In order to promote good housing, cities are forming definite standards of construction. All buildings should be planned so as to secure sufficient light, ventilation, and proper sanitation for the safeguarding of health. They should be constructed of strong material and with a wide margin of safety, so that there shall be no danger of collapse. Where possible, fire resisting materials should be used; the day of wooden buildings in cities is over. In the case of tenement buildings, or business buildings, in which large numbers of people live and work, there should be adequate precautions in case of fire. Fireescapes or fire-stairways should be provided, ample for the accommodation of all who are to be within. Laws must be passed by state legislatures to enable cities to regulate the type of building to be constructed, to ensure safety in construction, to compel repairs on old buildings, when needed, and to require all buildings to be kept in a sanitary condition.

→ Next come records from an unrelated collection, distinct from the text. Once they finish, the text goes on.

(* Let $d\in\mathbb{N}$, let $D_d\subset\mathbb{R}^d$ be bounded with Lebesgue measure $\lambda_d(D_d)=1$, and let $R_d=\operatorname{rad}(D_d)/\sqrt{d}$. Let $K$ be the convex hull of $n$ points $x_1,\dots,x_n\in D_d$ and let $\delta>0$. Then \[ \lambda_d(K_\delta) \,<\, n\, \Bigl((R_d + 2\delta) \sqrt{\tfrac{\pi e}{2}} \Bigr)^d . \]
   Context: For $A\subset\mathbb{R}^d$ and $\delta>0$, $A_\delta=\{x\in\mathbb{R}^d \mid \operatorname{dist}(x,A)\le \delta\sqrt{d}\}$, where $\operatorname{dist}(x,A)=\inf_{a\in A}\|x-a\|_2$. The radius of a set $D\subset\mathbb{R}^d$ is $\operatorname{rad}(D)=\inf_{x\in\mathbb{R}^d}\sup_{y\in D}\|y-x\|_2$. $\lambda_d$ denotes $d$-dimensional Lebesgue measure. *)

From HB Require Import structures.
From mathcomp Require Import all_boot all_order all_algebra.
From mathcomp Require Import all_classical all_reals all_analysis.
Set Implicit Arguments. Unset Strict Implicit. Unset Printing Implicit Defensive.
Import Order.TTheory GRing.Theory Num.Theory.
Local Open Scope classical_set_scope.
Local Open Scope ring_scope.

Section defs.
Variables (R : realType) (d : nat).

Definition enorm (v : 'rV[R]_d) : R := Num.sqrt (\sum_(i < d) v ord0 i ^+ 2).

Definition box (a b : 'rV[R]_d) : set 'rV[R]_d :=
  [set x | forall i, a ord0 i <= x ord0 i <= b ord0 i].
Definition box_vol (a b : 'rV[R]_d) : R := \prod_(i < d) (b ord0 i - a ord0 i).

(* d-dimensional Lebesgue (outer) measure: infimum of the total volume of
   countable covers by closed boxes. On Lebesgue measurable sets this is the
   Lebesgue measure lambda_d. *)
Definition leb_outer (A : set 'rV[R]_d) : \bar R :=
  ereal_inf [set s : \bar R | exists (a b : nat -> 'rV[R]_d),
     [/\ (forall k i, a k ord0 i <= b k ord0 i),
         A `<=` \bigcup_k box (a k) (b k) &
         s = (\sum_(0 <= k <oo) (box_vol (a k) (b k))%:E)%E]].

(* dist(x,A) = inf_{a in A} |x - a|  (extended real; +oo if A is empty) *)
Definition edist (x : 'rV[R]_d) (A : set 'rV[R]_d) : \bar R :=
  ereal_inf [set (enorm (x - a))%:E | a in A].

Definition thicken (A : set 'rV[R]_d) (delta : R) : set 'rV[R]_d :=
  [set x | (edist x A <= (delta * Num.sqrt d%:R)%:E)%E].

Definition set_radius (D : set 'rV[R]_d) : \bar R :=
  ereal_inf [set ereal_sup [set (enorm (y - x))%:E | y in D] | x in setT].

Definition bounded_setE (D : set 'rV[R]_d) : Prop :=
  exists M : R, forall y, D y -> enorm y <= M.

Definition conv_hull (n : nat) (x : 'I_n -> 'rV[R]_d) : set 'rV[R]_d :=
  [set y | exists w : 'I_n -> R, [/\ (forall i, 0 <= w i),
       \sum_(i < n) w i = 1 & y = \sum_(i < n) w i *: x i]].
End defs.

From Pilot Require Import Defs.
From HB Require Import structures.
From mathcomp Require Import all_boot all_order all_algebra.
From mathcomp Require Import all_classical all_reals all_analysis.
From mathcomp Require Import ring lra zify measurable_realfun.
Import Order.TTheory GRing.Theory Num.Theory.
Local Open Scope classical_set_scope.
Local Open Scope ring_scope.
Set Implicit Arguments. Unset Strict Implicit. Unset Printing Implicit Defensive.

(* Let c be an almost optimal centre for D, so that every x_i lies within
   about rad(D) of c. Elekes' lemma: every point of the convex hull K lies
   within rad(D)/2 of one of the n midpoints (c + x_i)/2, hence K_delta is
   covered by n balls of radius rho ~ rad(D)/2 + delta sqrt d. A ball of
   radius rho is covered by cubes of a fine grid, keeping those whose corner
   nearest to the centre lies in the ball; a Chernoff bound
   1{S <= rho^2} <= exp(t (rho^2 - S)) with t rho^2 = d/2 and a comparison of
   the resulting one-dimensional Gaussian sums with the Gaussian integral
   sqrt pi bound their total volume by (e^(1/2) (sqrt pi - gamma) rho / sqrt(d/2))^d
   for some gamma > 0. This is strictly less than
   (2 rho sqrt(pi e / 2) / sqrt d)^d, which leaves room to absorb the
   approximations. *)

Section euclidean.
Variables (R : realType) (d : nat).
Implicit Types u v : 'rV[R]_d.

Definition sqnorm v : R := \sum_(i < d) v ord0 i ^+ 2.
Definition dotv u v : R := \sum_(i < d) u ord0 i * v ord0 i.

Lemma sqnorm_ge0 v : 0 <= sqnorm v.
Proof. by apply: sumr_ge0 => i _; exact: sqr_ge0. Qed.

Lemma enorm_ge0 v : 0 <= enorm v.
Proof. exact: sqrtr_ge0. Qed.

Lemma sqr_enorm v : enorm v ^+ 2 = sqnorm v.
Proof. by rewrite /enorm sqr_sqrtr // sqnorm_ge0. Qed.

Lemma enorm_le v a : 0 <= a -> sqnorm v <= a ^+ 2 -> enorm v <= a.
Proof.
move=> a0 h; rewrite /enorm -[X in _ <= X](ger0_norm a0) -sqrtr_sqr.
by rewrite ler_sqrt // ?sqr_ge0.
Qed.

Lemma sqnorm_le v a : enorm v <= a -> sqnorm v <= a ^+ 2.
Proof.
move=> h; rewrite -sqr_enorm; apply: lerXn2r => //; rewrite ?nnegrE ?enorm_ge0 //.
exact: le_trans (enorm_ge0 v) h.
Qed.

Lemma sqnorm_dotv v : sqnorm v = dotv v v.
Proof. by apply: eq_bigr => i _; rewrite expr2. Qed.

Lemma dotv_sqr_le u v : dotv u v ^+ 2 <= sqnorm u * sqnorm v.
Proof.
set a := fun i => u ord0 i; set b := fun i => v ord0 i.
have lagrange : \sum_(i < d) \sum_(j < d) (a i * b j - a j * b i) ^+ 2 =
                2 * (sqnorm u * sqnorm v - dotv u v ^+ 2).
  transitivity (\sum_(i < d) \sum_(j < d)
     ((a i ^+ 2 * b j ^+ 2 + b i ^+ 2 * a j ^+ 2) - 2 * ((a i * b i) * (a j * b j)))).
    by apply: eq_bigr => i _; apply: eq_bigr => j _; ring.
  under eq_bigr do rewrite sumrB big_split /= -!mulr_sumr.
  rewrite sumrB big_split /= -!mulr_suml -mulr_sumr -mulr_suml.
  rewrite /sqnorm /dotv -/a -/b; ring.
have : 0 <= 2 * (sqnorm u * sqnorm v - dotv u v ^+ 2).
  by rewrite -lagrange; apply: sumr_ge0 => i _; apply: sumr_ge0 => j _; exact: sqr_ge0.
by rewrite pmulr_rge0 // subr_ge0.
Qed.

Lemma sqnormD u v : sqnorm (u + v) = sqnorm u + 2 * dotv u v + sqnorm v.
Proof.
rewrite /sqnorm /dotv mulr_sumr -!big_split /=; apply: eq_bigr => i _.
rewrite mxE; ring.
Qed.

Lemma enormD u v : enorm (u + v) <= enorm u + enorm v.
Proof.
have huv : dotv u v <= enorm u * enorm v.
  rewrite -(ger0_norm (enorm_ge0 u)) -(ger0_norm (enorm_ge0 v)) -normrM.
  apply: le_trans (ler_norm _) _.
  rewrite -ler_sqr ?nnegrE ?normr_ge0 //.
  by rewrite !real_normK ?num_real // exprMn !sqr_enorm dotv_sqr_le.
apply: enorm_le; first by rewrite addr_ge0 // enorm_ge0.
rewrite sqnormD sqrrD !sqr_enorm mulr2n; lra.
Qed.

Lemma dotv_sumr n (p : 'rV[R]_d) (w : 'I_n -> R) (q : 'I_n -> 'rV[R]_d) :
  dotv p (\sum_i w i *: q i) = \sum_i w i * dotv p (q i).
Proof.
rewrite /dotv; under eq_bigr do rewrite summxE mulr_sumr.
rewrite exchange_big /=; apply: eq_bigr => i _; rewrite mulr_sumr.
by apply: eq_bigr => j _; rewrite mxE mulrCA.
Qed.

Lemma sqnormB_half u v : sqnorm (u - 2^-1 *: v) = sqnorm u - dotv u v + sqnorm v / 4.
Proof.
rewrite /sqnorm /dotv -sumrB mulr_suml -big_split /=; apply: eq_bigr => i _.
by rewrite !mxE; field.
Qed.

(* Elekes' lemma. Writing y = c + p, choose i maximising <p, x_i - c>; then
   |p|^2 <= <p, x_i - c>, which is |y - (c + x_i)/2|^2 <= |x_i - c|^2 / 4. *)
Lemma conv_hull_near_midpoint n (x : 'I_n -> 'rV[R]_d) (c y : 'rV[R]_d) (r : R) :
  (forall i, enorm (x i - c) <= r) -> conv_hull x y ->
  exists i, enorm (y - 2^-1 *: (c + x i)) <= r / 2.
Proof.
move=> hx [w [w0 w1 ->]].
case: n x w w0 w1 hx => [|n] x w w0 w1 hx.
  by move: w1; rewrite big_ord0 => /esym/eqP; rewrite oner_eq0.
have r0 : 0 <= r by apply: le_trans (hx ord0); exact: enorm_ge0.
pose q i := x i - c.
pose p := \sum_i w i *: q i.
have yE : \sum_i w i *: x i = c + p.
  rewrite /p /q; apply/rowP => j; rewrite !(mxE, summxE).
  under eq_bigr do rewrite mxE.
  under [X in _ = _ + X]eq_bigr do rewrite mxE mxE mxE mulrBr.
  by rewrite sumrB -mulr_suml w1 mul1r addrC subrK.
have [i _ imax] := @arg_maxP _ _ _ ord0 predT (fun i => dotv p (q i)) isT.
exists i.
have -> : \sum_i w i *: x i - 2^-1 *: (c + x i) = p - 2^-1 *: q i.
  by rewrite yE /q; apply/rowP => j; rewrite !mxE; lra.
apply: enorm_le; first by rewrite divr_ge0.
rewrite sqnormB_half.
have hp : sqnorm p <= dotv p (q i).
  rewrite sqnorm_dotv {2}/p dotv_sumr.
  apply: le_trans (_ : \sum_j w j * dotv p (q i) <= _); last first.
    by rewrite -mulr_suml w1 mul1r.
  by apply: ler_sum => j _; apply: ler_wpM2l => //; exact: imax.
have hq : sqnorm (q i) <= r ^+ 2 by apply: sqnorm_le; exact: hx.
have := sqnorm_ge0 p; lra.
Qed.

End euclidean.

Lemma exists_mul_slack (R : realFieldType) (a b r : R) : 0 <= a -> a < b -> 0 < r ->
  exists2 e, 0 < e & a * (r + e) < b * r.
Proof.
move=> a0 ab r0; have b0 : 0 < b := le_lt_trans a0 ab.
have ba0 : 0 < (b - a) * r by rewrite mulr_gt0 // subr_gt0.
exists ((b - a) * r / b); first by rewrite divr_gt0.
rewrite mulrDr mulrCA.
have : (b - a) * r * (a / b) < (b - a) * r by rewrite gtr_pMr // ltr_pdivrMr // mul1r.
lra.
Qed.

Section gauss_sums.
Variable R : realType.
Let mu := @lebesgue_measure R.

Lemma gauss_fun_le (x y : R) : 0 <= x -> x <= y -> gauss_fun y <= gauss_fun x.
Proof.
move=> x0 xy; rewrite /gauss_fun ler_expR lerN2.
by rewrite lerXn2r // ?nnegrE //; apply: le_trans xy.
Qed.

Lemma sqrt_pi_gt1 : 1 < Num.sqrt (pi : R).
Proof. by rewrite -sqrtr1 ltr_sqrt //; apply: lt_le_trans (pi_ge2 R); lra. Qed.

Lemma gauss_funN (x : R) : gauss_fun (- x) = gauss_fun x.
Proof. by rewrite /gauss_fun sqrrN. Qed.

Lemma disjoint_itv_cc_oc (a b c : R) : [disjoint `[a, b] & `]b, c]]%classic.
Proof.
apply/disj_setPS => x [] /=; rewrite !in_itv /= => /andP[_ xb] /andP[bx _].
by move: (lt_le_trans bx xb); rewrite ltxx.
Qed.

Lemma gauss_integral_itv_ge (a b : R) : 0 <= a -> a <= b ->
  (((b - a) * gauss_fun b)%:E <= \int[mu]_(x in `]a, b]) (gauss_fun x)%:E)%E.
Proof.
move=> a0 ab.
apply: (@le_trans _ _ (\int[mu]_(x in `]a, b]) (cst (gauss_fun b)%:E x))%E).
  rewrite integral_cst //= /mu lebesgue_measure_itv /= lte_fin.
  case: ltP => h; first by rewrite -EFinD -EFinM mulrC.
  by rewrite mule0 (_ : b - a = 0) ?mul0r //; apply/eqP; rewrite subr_eq0 eq_le ab h.
apply: ge0_le_integral => //.
- by move=> x _; rewrite lee_fin gauss_fun_ge0.
- by apply/measurable_EFinP/measurable_funTS; exact: measurable_gauss_fun.
move=> x /=; rewrite in_itv /= => /andP[ax xb]; rewrite lee_fin.
by apply: gauss_fun_le => //; apply: le_trans (ltW ax).
Qed.

Lemma gauss_riemann_sum_le (s : R) (K : nat) : 0 < s ->
  ((\sum_(j < K) s * gauss_fun (j.+1%:R * s))%:E <=
   \int[mu]_(x in `[0%R, (K%:R * s)%R]) (gauss_fun x)%:E)%E.
Proof.
move=> s0; elim: K => [|K IH].
  by rewrite big_ord0; apply: integral_ge0 => x _; rewrite lee_fin gauss_fun_ge0.
have KS : 0 <= K%:R * s by rewrite mulr_ge0 // ltW.
rewrite big_ord_recr /= EFinD.
rewrite (@itv_bndbnd_setU _ _ (BLeft 0) (BRight (K%:R * s)) (BRight (K.+1%:R * s))); last 2 first.
- by rewrite bnd_simp.
- by rewrite bnd_simp ler_pM2r // ler_nat.
rewrite ge0_integral_setU //=.
- apply: leeD => //.
  have := @gauss_integral_itv_ge (K%:R * s) (K.+1%:R * s) KS.
  rewrite ler_pM2r // ler_nat leqnSn => /(_ isT).
  by rewrite -mulrBl -natrB // subSnn mul1r.
- by apply/measurable_EFinP/measurable_funTS; exact: measurable_gauss_fun.
- by move=> x _; rewrite lee_fin gauss_fun_ge0.
- exact: disjoint_itv_cc_oc.
Qed.

Lemma gauss_riemann_sum_tail_le (s : R) (K : nat) : 0 < s ->
  \sum_(j < K) s * gauss_fun (j.+1%:R * s) + gauss_fun (K%:R * s + 1)
   <= Num.sqrt pi / 2.
Proof.
move=> s0.
have KS : 0 <= K%:R * s by rewrite mulr_ge0 // ltW.
rewrite -lee_fin -integral0y_gauss EFinD.
apply: (@le_trans _ _ (\int[mu]_(x in `[0%R, (K%:R * s)%R] `|` `](K%:R * s)%R, (K%:R * s + 1)%R])
   (gauss_fun x)%:E)%E).
  rewrite ge0_integral_setU //=.
  - apply: leeD; first exact: gauss_riemann_sum_le.
    have := @gauss_integral_itv_ge (K%:R * s) (K%:R * s + 1) KS.
    by rewrite lerDl ler01 addrAC subrr add0r mul1r => /(_ isT).
  - by apply/measurable_EFinP/measurable_funTS; exact: measurable_gauss_fun.
  - by move=> x _; rewrite lee_fin gauss_fun_ge0.
  - exact: disjoint_itv_cc_oc.
apply: ge0_subset_integral => //=.
- by apply: measurableU.
- by apply/measurable_EFinP/measurable_funTS; exact: measurable_gauss_fun.
- by move=> x _; rewrite lee_fin gauss_fun_ge0.
move=> x [] /=; rewrite !in_itv /= ?andbT; first by case/andP.
by case/andP=> h _; apply: le_trans (ltW h).
Qed.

Most of our cities are protected by such legislation. But laws are not enough. To be effective, legislation must have public opinion solidly back of it. The whole community must therefore be kept informed of conditions that are dangerous to safety;

* Chapter I.

tenants must be led to appreciate and to demand healthful surroundings, and landlords must be convinced that sanitary, well-planned and well-built structures are a sound business investment.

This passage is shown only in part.